Часы кто-то разобрал, со словами «вот мои, а вот мои». Я понял нож из руки  грабителя, нож у меня перехватили с криками «да у них нож был, они еще с ножами ходят». И тут Тамара Егорова с Люсей Карповой взяли нас с Левкой под руки и с силой увели с этого места.
  С противоположной стороны улицы мы видели, как подъехала машина. В ее кузов
Двое милиционеров сгрузили парней и увезли. Нам этом и закончилось наше побоище.
  Мы посещали уже третий курс, а на  третьем курсе  студентами полагалось входить в клинику. Я очень хорошо запомнил первую лекцию по хирургии, которую читал Сергей Петрович Ходкевич, он же ректор института. Это была вводная лекция по общей хирургии. Мы с Геной Жуковым сидели на первом ряду и внимательно слушали лектора. У профессора, по-видимому, был какой то
дефект в ротовой полости или вставная челюсть,  потому что иногда он брызгал на нас слюной, хотя и находились мы на почтительном расстоянии от него, но  делали вид, что не замечаем этого. Кое - что я запомнил из этой лекции на всю жизнь. Например, лектор говорил:
- Когда больного человека берут в операционную, то хирургу приходится
иногда наблюдать неприятные моменты:
больного может вырвать , он может свершить акт дефекации, обмочиться, пукнуть, и в этом нет ничего предосудительного, так как это больной человек, и обращаться с ним нужно очень бережно.
  Да, медицинская деонтология в то время была на высоте и этому наше поколение обучали с самых начальных курсов. В последующем С.П. Ходкевич читал нам лекции о методике обследования  хирургического больного, что мы закрепляли на практических занятиях
под руководством опытных преподавателей. Уже в этот период я понимал значение методики обследования больного, так как правильно проведенное обследование дает правильный диагноз,
возможность выработать правильную тактику, правильное лечение, что и приводит  к выздоровлению. Это было основой в медицинской практике многие годы. Наше поколение врачей ставило диагнозы на основе правильно проведенного обследования, знания симптомов заболевания. Каждый врач нашего поколения был грамотным клиницистом.
   Забегая вперед, скажу, что в настоящее время с появлением медицинской диагностической аппаратуры  клиницисты стали постепенно исчезать и что бы сейчас поставить диагноз, достаточно направить больного на УЗИ, гастро-дуодено-фиброскопию, колоноскопию, бронхоскопию, провести  компьтерную диагностику и др.
Вот поэтому грамотный, знающий клиницист теперь большая редкость.   

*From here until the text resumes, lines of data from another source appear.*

Lemma count_iotaS (p : pred nat) t :
  count p (iota 0 t.+1) = (count p (iota 0 t) + p t)%N.
Proof. by rewrite -addn1 iotaD count_cat /= addn0. Qed.

Lemma count_iota_mono (p : pred nat) t t' :
  (t <= t')%N -> (count p (iota 0 t) <= count p (iota 0 t'))%N.
Proof. by move=> le_tt'; rewrite -(subnKC le_tt') iotaD count_cat leq_addr. Qed.

Lemma sum_eq_ord_le (R : realFieldType) N i (x : R) :
  0 <= x -> \sum_(k < N) (if i == k :> nat then x else 0) <= x.
Proof.
rewrite -big_mkcond /=; case: (ltnP i N) => [lt_iN | le_Ni] x_ge0.
  by rewrite (big_pred1 (Ordinal lt_iN)) // => k; rewrite /= eq_sym -val_eqE.
by rewrite big_pred0 // => k; rewrite gtn_eqF // (leq_trans (ltn_ord k)).
Qed.

Section Run.
Variables (R : realFieldType) (T C : nat) (v : R) (kstar : nat) (sigma : nat -> bool).
Local Notation D := (depth T).
Local Notation run := (run R T C sigma).
Hypotheses (v_ge0 : 0 <= v) (v_lt1 : v < 1).
Hypotheses (lo_star : lo R D kstar <= v) (hi_star : v < hi R D kstar).
Hypothesis few_corruptions : (n_corrupt T C v sigma <= C)%N.

Definition corruptions_before t :=
  count (fun u => corrupted v (run u) (sigma u)) (iota 0 t).

Definition fails_before t :=
  count (fun u => commit_fails R (run u) (sigma u) && (idx (run u) != kstar)) (iota 0 t).

Definition commit_regret_before t := \sum_(u < t) commit_regret T v (run u).

Lemma leaf_charge_run t k :
  k != kstar -> (leaf_charge T v k (run t) <= corruptions_before t)%N.
Proof.
move=> hk; elim: t => [|t IH] /=; first by rewrite /init leaf_charge_enter.
rewrite /corruptions_before count_iotaS.
apply: leq_trans (leaf_charge_step v_ge0 v_lt1 lo_star hi_star _ (wf_run _ _ _ _ _) hk) _.
by rewrite leq_add2r.
Qed.

Lemma star_count_run t : (cnt (run t) kstar <= C.+1)%N.
Proof.
elim: t => [|t IH]; first by rewrite /= /init cnt_enter.
by apply: star_count_step IH; apply: wf_run.
Qed.

Lemma stay_at_star t : (t <= T)%N -> is_stay (ph (run t)) -> idx (run t) = kstar.
Proof.
move=> le_tT hstay; case: (eqVneq (idx (run t)) kstar) => // hk.
have [_ _ hcnt] := wf_run T C R sigma t.
have stay_cnt : (C < cnt (run t) (idx (run t)))%N.
  by rewrite -hcnt //; case: (ph (run t)) hstay.
have := leaf_charge_run t hk; rewrite /leaf_charge.
have : (corruptions_before t <= n_corrupt T C v sigma)%N := count_iota_mono _ le_tT.
by lia.
Qed.

Lemma amortized_run t : (t <= T)%N ->
  commit_regret_before t + potential T v kstar (run t)
  <= 2 * (fails_before t)%:R + 3 * (corruptions_before t)%:R
     + t%:R * ((2 ^ D)%:R)^-1 + (cnt (run t) kstar)%:R.
Proof.
elim: t => [|t IH] le_tT.
  rewrite /commit_regret_before /fails_before /corruptions_before big_ord0 /=.
  by rewrite /init potential_enter cnt_enter /= !mul0r; lra.
have := amortized_step v_ge0 v_lt1 lo_star hi_star (sigma t) (wf_run T C R sigma t)
          (stay_at_star (ltnW le_tT)).
have := IH (ltnW le_tT).
rewrite /commit_regret_before big_ord_recr /fails_before /corruptions_before !count_iotaS.
rewrite [t.+1%:R]mulrSr mulrDl mul1r !natrD /=.
lra.
Qed.

Lemma sum_leaf_regret_le :
  \sum_(k < 2 ^ D) leaf_regret T C v sigma k <= commit_regret_before T.
Proof.
rewrite /commit_regret_before /leaf_regret.
under eq_bigr do rewrite big_mkcond.
rewrite exchange_big; apply: ler_sum => t _; rewrite /inQ /commit_regret.
case hcommit: (is_commit (ph (run t)) && (dep (run t) == D)); last first.
  by rewrite big1 // => k _; rewrite andbA hcommit.
under eq_bigr do rewrite andbA hcommit /=.
exact/sum_eq_ord_le/round_regret_ge0.
Qed.

End Run.

Theorem lemma4p2 (R : realFieldType) (T C : nat) (v : R) (sigma : nat -> bool)
    (kstar : nat) :
  0 <= v -> v < 1 ->
  (kstar < 2 ^ depth T)%N ->
  lo R (depth T) kstar <= v -> v < hi R (depth T) kstar ->
  (n_corrupt T C v sigma <= C)%N ->
  \sum_(k < 2 ^ depth T) leaf_regret T C v sigma k
    <= 2 * (n_fail R T C sigma kstar)%:R + 6 * C%:R + 3.
Proof.
move=> v_ge0 v_lt1 _ lo_star hi_star few_corruptions.
have := sum_leaf_regret_le T C sigma v_ge0.
have := amortized_run v_ge0 v_lt1 lo_star hi_star few_corruptions (leqnn T).
have := potential_ge T v kstar (run R T C sigma T).
have corruptions_le : (corruptions_before T C v sigma T)%:R <= C%:R :> R.
  by rewrite ler_nat.
have star_count_le : (cnt (run R T C sigma T) kstar)%:R <= C%:R + 1 :> R.
  by rewrite natr1 ler_nat star_count_run.
have horizon_le : T%:R * ((2 ^ depth T)%:R)^-1 <= 1 :> R.
  by rewrite -[_ * _^-1]/(_ / _) ler_pdivrMr ?ltr0n ?expn_gt0 // mul1r ler_nat up_logP.
have := ler0n R C; rewrite -/(fails_before R T C kstar sigma T).
lra.
Qed.
Lemma sup_between (X : set R) B :
  0 <= B -> (forall x, X x -> 0 <= x <= B) -> 0 <= sup X <= B.
Proof.
move=> B0 XB; have [->|/set0P [x Xx]] := eqVneq X set0; first by rewrite sup0 lexx B0.
have [x0 xB] := andP (XB x Xx).
apply/andP; split; last by apply: ge_sup; [exists x | move=> y /XB /andP []].
by apply: le_trans x0 (ub_le_sup _ Xx); exists B => y /XB /andP [].
Qed.

Lemma hausdorff_le (S T : set 'cV[R]_M) B : 0 <= B ->
  (forall s, S s -> exists2 t, T t & enorm (s - t) <= B) ->
  (forall t, T t -> exists2 s, S s & enorm (t - s) <= B) ->
  `|hausdorff S T| <= B.
Proof.
move=> B0 ST TS.
have /andP [ST0 STB] : 0 <= sup [set dist_set s T | s in S] <= B.
  by apply: sup_between => // _ [s Ss <-]; apply/dist_set_le/ST.
have /andP [_ TSB] : 0 <= sup [set dist_set t S | t in T] <= B.
  by apply: sup_between => // _ [t Tt <-]; apply/dist_set_le/TS.
by rewrite ger0_norm ?le_max ?ST0 // ge_max STB.
Qed.

End Hausdorff.

Section Perturbation.
Variables (R : realType) (K M : nat) (C : R).
Hypothesis C0 : 0 <= C.

(* On the box [|dA *m w| <= M max|dA| C], so this bounds the change of every
   residual when the data are perturbed by [(dA, db)]. *)
Definition data_error (dA : 'M[R]_(K, M)) (db : 'cV[R]_K) :=
  M%:R * mmaxabs dA * C + vinfnorm db.

Lemma data_error_ge0 dA db : 0 <= data_error dA db.
Proof. by rewrite addr_ge0 ?vinfnorm_ge0 ?mulr_ge0 ?mmaxabs_ge0. Qed.

Lemma data_errorN dA db : data_error (- dA) (- db) = data_error dA db.
Proof. by rewrite /data_error mmaxabsN vinfnormN. Qed.

Lemma box0 : box C (0 : 'cV[R]_M).
Proof. by move=> i; rewrite mxE lexx. Qed.

Lemma vinfnorm_box (w : 'cV[R]_M) : box C w -> vinfnorm w <= C.
Proof. by move=> wC; apply: vinfnorm_le => // i; have /andP [/ger0_norm -> ->] := wC i. Qed.

Lemma residual_le A Ah beta bh (w : 'cV[R]_M) : box C w ->
  vinfnorm (Ah *m w - bh) <= vinfnorm (A *m w - beta) + data_error (Ah - A) (bh - beta).
Proof.
move=> wC.
have -> : Ah *m w - bh = (A *m w - beta) + ((Ah - A) *m w - (bh - beta)).
  by rewrite mulmxBl opprB addrACA addKr subrKC.
apply: le_trans (vinfnormD _ _) _; rewrite lerD2l.
apply: le_trans (vinfnormD _ _) _; rewrite vinfnormN lerD2r.
apply: le_trans (vinfnorm_mulmx_le _ _) _.
by rewrite ler_wpM2l ?vinfnorm_box ?mulr_ge0 ?mmaxabs_ge0.
Qed.

Lemma mhat_le (Ah : 'M[R]_(K, M)) (bh : 'cV[R]_K) w :
  box C w -> mhat Ah bh C <= vinfnorm (Ah *m w - bh).
Proof.
move=> wC; apply: ge_inf; last by exists w.
by exists 0 => _ [v _ <-]; exact: vinfnorm_ge0.
Qed.

Lemma mhat_ge0 (Ah : 'M[R]_(K, M)) bh : 0 <= mhat Ah bh C.
Proof.
apply: lb_le_inf; first by exists (vinfnorm (Ah *m 0 - bh)), 0; first exact: box0.
by move=> _ [v _ <-]; exact: vinfnorm_ge0.
Qed.

Lemma exists_near_minimizer (Ah : 'M[R]_(K, M)) bh h : 0 < h ->
  exists2 v, box C v & vinfnorm (Ah *m v - bh) < mhat Ah bh C + h.
Proof.
move=> h0.
have [|_ [v vC <-]] := @inf_adherent _ [set vinfnorm (Ah *m v - bh) | v in box C] _ h0.
  split; first by exists (vinfnorm (Ah *m 0 - bh)), 0; first exact: box0.
  by exists 0 => _ [v _ <-]; exact: vinfnorm_ge0.
by exists v.
Qed.

End Perturbation.

Lemma data_error_rate (R : realType) K M (C : R) (dA : 'M[R]_(K, M)) db a b s :
  0 <= C -> 0 <= s -> `|mmaxabs dA| <= a * s -> `|vinfnorm db| <= b * s ->
  data_error C dA db <= (M%:R * `|a| * C + `|b|) * s.
Proof.
move=> C0 s0 dAs dbs.
have dA_le : mmaxabs dA <= `|a| * s.
  by rewrite (le_trans (ler_norm _)) // (le_trans dAs) // ler_wpM2r ?ler_norm.
have db_le : vinfnorm db <= `|b| * s.
  by rewrite (le_trans (ler_norm _)) // (le_trans dbs) // ler_wpM2r ?ler_norm.
have := ler_wpM2r C0 (ler_wpM2l (ler0n _ M) dA_le).
rewrite /data_error; lra.
Qed.

Lemma mulmx_full_rank_inj (F : fieldType) K M (A : 'M[F]_(K, M)) :
  \rank A = M -> injective (mulmx A : 'cV_M -> 'cV_K).
Proof.
move=> rkA u v /(congr1 trmx); rewrite !trmx_mul => /row_free_inj uv.
by apply: trmx_inj; apply: uv; rewrite /row_free mxrank_tr rkA.
Qed.

Section ThresholdSet.
Variables (R : realType) (K M : nat) (A : 'M[R]_(K, M)) (beta : 'cV[R]_K).
Variables (C L : R) (w0 : 'cV[R]_M).
Hypotheses (C0 : 0 <= C) (L0 : 0 <= L) (w0F0 : F0 A beta C w0).
Hypothesis hoffman : forall x, box C x ->
  exists2 y, F0 A beta C y & vinfnorm (x - y) <= L * vinfnorm (A *m x - beta).

Variables (Ah : 'M[R]_(K, M)) (bh : 'cV[R]_K) (kap : R) (n : nat).
Let h := kap / Num.sqrt n%:R.
Let e := data_error C (Ah - A) (bh - beta).

Lemma Fn_near_F0 s : Fn Ah bh C kap n s ->
  exists2 y, F0 A beta C y & enorm (s - y) <= Num.sqrt M%:R * L * (h + 2 * e).
Proof.
move=> [sFn sC]; have [y yF0 syL] := hoffman sC.
exists y => //; apply: le_trans (enorm_le_vinfnorm _) _.
rewrite -mulrA ler_wpM2l ?sqrtr_ge0 // (le_trans syL) // ler_wpM2l //.
(* |A s - beta| <= |Ah s - bh| + e <= h + mhat + e <= h + |Ah w0 - bh| + e <= h + 2 e *)
have w0_res : vinfnorm (Ah *m w0 - bh) <= e.
  have := residual_le C0 A Ah beta bh (proj2 w0F0).
  by rewrite (proj1 w0F0) subrr vinfnorm0 add0r.
have s_res : vinfnorm (A *m s - beta) <= vinfnorm (Ah *m s - bh) + e.
  by have := residual_le C0 Ah A bh beta sC; rewrite -data_errorN !opprB.
have := mhat_le Ah bh (proj2 w0F0); rewrite -/h in sFn; lra.
Qed.

Lemma F0_sub_Fn : e <= h -> F0 A beta C `<=` Fn Ah bh C kap n.
Proof.
move=> eh t [At tC]; split => //.
have := residual_le C0 A Ah beta bh tC; rewrite At subrr vinfnorm0 add0r.
have := mhat_ge0 C0 Ah bh; rewrite -/h -/e; lra.
Qed.

Lemma Fn_neq0 : 0 < h -> Fn Ah bh C kap n !=set0.
Proof.
move=> h0; have [v vC vmin] := exists_near_minimizer C0 Ah bh h0.
by exists v; split => //; rewrite -/h; lra.
Qed.

Lemma hausdorff_Fn_F0_small_error : e <= h ->
  `|hausdorff (Fn Ah bh C kap n) (F0 A beta C)| <= Num.sqrt M%:R * L * (h + 2 * e).
Proof.
move=> eh; have e0 : 0 <= e := data_error_ge0 C0 _ _.
apply: hausdorff_le; [by rewrite !mulr_ge0 ?sqrtr_ge0 //; lra | exact: Fn_near_F0 |].
move=> t tF0; exists t; first exact: F0_sub_Fn.
rewrite subrr (le_trans (enorm_le_vinfnorm _)) // vinfnorm0 mulr0.
by rewrite !mulr_ge0 ?sqrtr_ge0 //; lra.
Qed.

Lemma hausdorff_Fn_F0_full_rank : \rank A = M -> 0 < h ->
  `|hausdorff (Fn Ah bh C kap n) (F0 A beta C)| <= Num.sqrt M%:R * L * (h + 2 * e).
Proof.
move=> rkA h0; have e0 : 0 <= e := data_error_ge0 C0 _ _.
apply: hausdorff_le; [by rewrite !mulr_ge0 ?sqrtr_ge0 //; lra | exact: Fn_near_F0 |].
move=> t [At _]; have [v vFn] := Fn_neq0 h0.
have [y [Ay _] vy] := Fn_near_F0 vFn.
have -> : t = y by apply: (mulmx_full_rank_inj rkA); rewrite At Ay.
by exists v; rewrite // enorm_distC.
Qed.

End ThresholdSet.

Lemma bigOp_bound2 (R : realType) (d : measure_display) (T : measurableType d)
  (P : probability T R) (X1 X2 Y : nat -> T -> R) (s r : nat -> R) :
  bigOp P X1 s -> bigOp P X2 s ->
  (forall a b : R, exists c : R, exists N : nat, forall n, (N <= n)%N ->
     forall w, `|X1 n w| <= a * s n -> `|X2 n w| <= b * s n -> `|Y n w| <= c * r n) ->
  bigOp P Y r.
Proof.
move=> X1s X2s Ybound eps eps0.
have eps2 : 0 < eps / 2 by rewrite divr_gt0.
have [a [N1 X1a]] := X1s _ eps2; have [b [N2 X2b]] := X2s _ eps2.
have [c [N Yc]] := Ybound a b.
exists c, (maxn N (maxn N1 N2)) => n; rewrite !geq_max => /and3P [Nn N1n N2n].
have [E1 [mE1 [sE1 PE1]]] := X1a n N1n; have [E2 [mE2 [sE2 PE2]]] := X2b n N2n.
exists (E1 `|` E2); split; first exact: measurableU.
split; last by rewrite (le_lt_trans (measureU2 P mE1 mE2)) // [eps]splitr EFinD lteD.
move=> w /= Yw; apply: contrapT => /not_orP [nE1 nE2].
have X1w : `|X1 n w| <= a * s n by rewrite leNgt; apply: contra_notN nE1 => /sE1.
have X2w : `|X2 n w| <= b * s n by rewrite leNgt; apply: contra_notN nE2 => /sE2.
by move: Yw; rewrite ltNge Yc.
Qed.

  На третьем курсе мы впервые вошли в клинику,  и попали на операцию. Случилось так, что мы оказались в операционной с Геной Жуковым, хотя он учился в десятой группе. Преподаватель оперировал паховую грыжу.. Нам разрешили стоять у изголовья больного
и поручили следить за его состоянием.
Стояли мы не шевелясь, на нас были надеты рубахи с галстуками, пиджаки и халаты. Нам было неимоверно жарко и, улучив момент, Гена говорит:
- Давай выйдем и снимем хотя бы пиджаки.
Оперирующий преподаватель , видимо, это услышал и разрешил выйти, хотя ходьба по операционной во время операции строго воспрещалась. Мы вышли в предоперационную, сняли с себя галстуки, пиджаки, а на рубашки надели халаты, и
вернулись к операционному столу.
- Ну, как ? – спросил преподаватель, не отрываясь от операции – полегчало ?
- Еще бы ! – ответили мы в один голос-
а то промокли от пота, а сейчас хорошо.
   Преподаватель пытался нас привлечь к операции и говорил:
- Операция грыжесечения. Методов операции много, но каждый хирург со временем находит свой собственный метод,  который и применяет всю жизнь. Вот сейчас я сшиваю пупартову связку с апоневрозом, но при этом захватываю мышцу. Так надежнее.
   Мы пытались что ни будь увидеть, но
видно было мало, хотя представление об анатомии этого места имели. Хорошо стало видно лишь тогда, когда хирург стал зашивать кожу, но это уже конец операции.
Но мы все равно были довольны увиденным и услышанным в операционной, а ведь это и есть учеба.
  Поскольку  я выбрал для себя профессию хирурга, то , конечно, стал посещать хирургический кружок. Кружок вел ассистент кафедры Афанасов. Он раздавал студентам  доклады на различные темы и
каждый студент , подготовившись, должен был доложить на заседании кружка свою тему. Я помню. что кружок посещали Валя Болтова и Тамара Бамбурова из нашей группы, хотя хирургами быть не собирались. Они же ни разу не выступили на заседании кружка, а я все таки сделал доклад на тему «Острый гонит», и на этом посещение кружка закончил, так как  практическим делом в кружке не за -нимались, и операционную не посещали.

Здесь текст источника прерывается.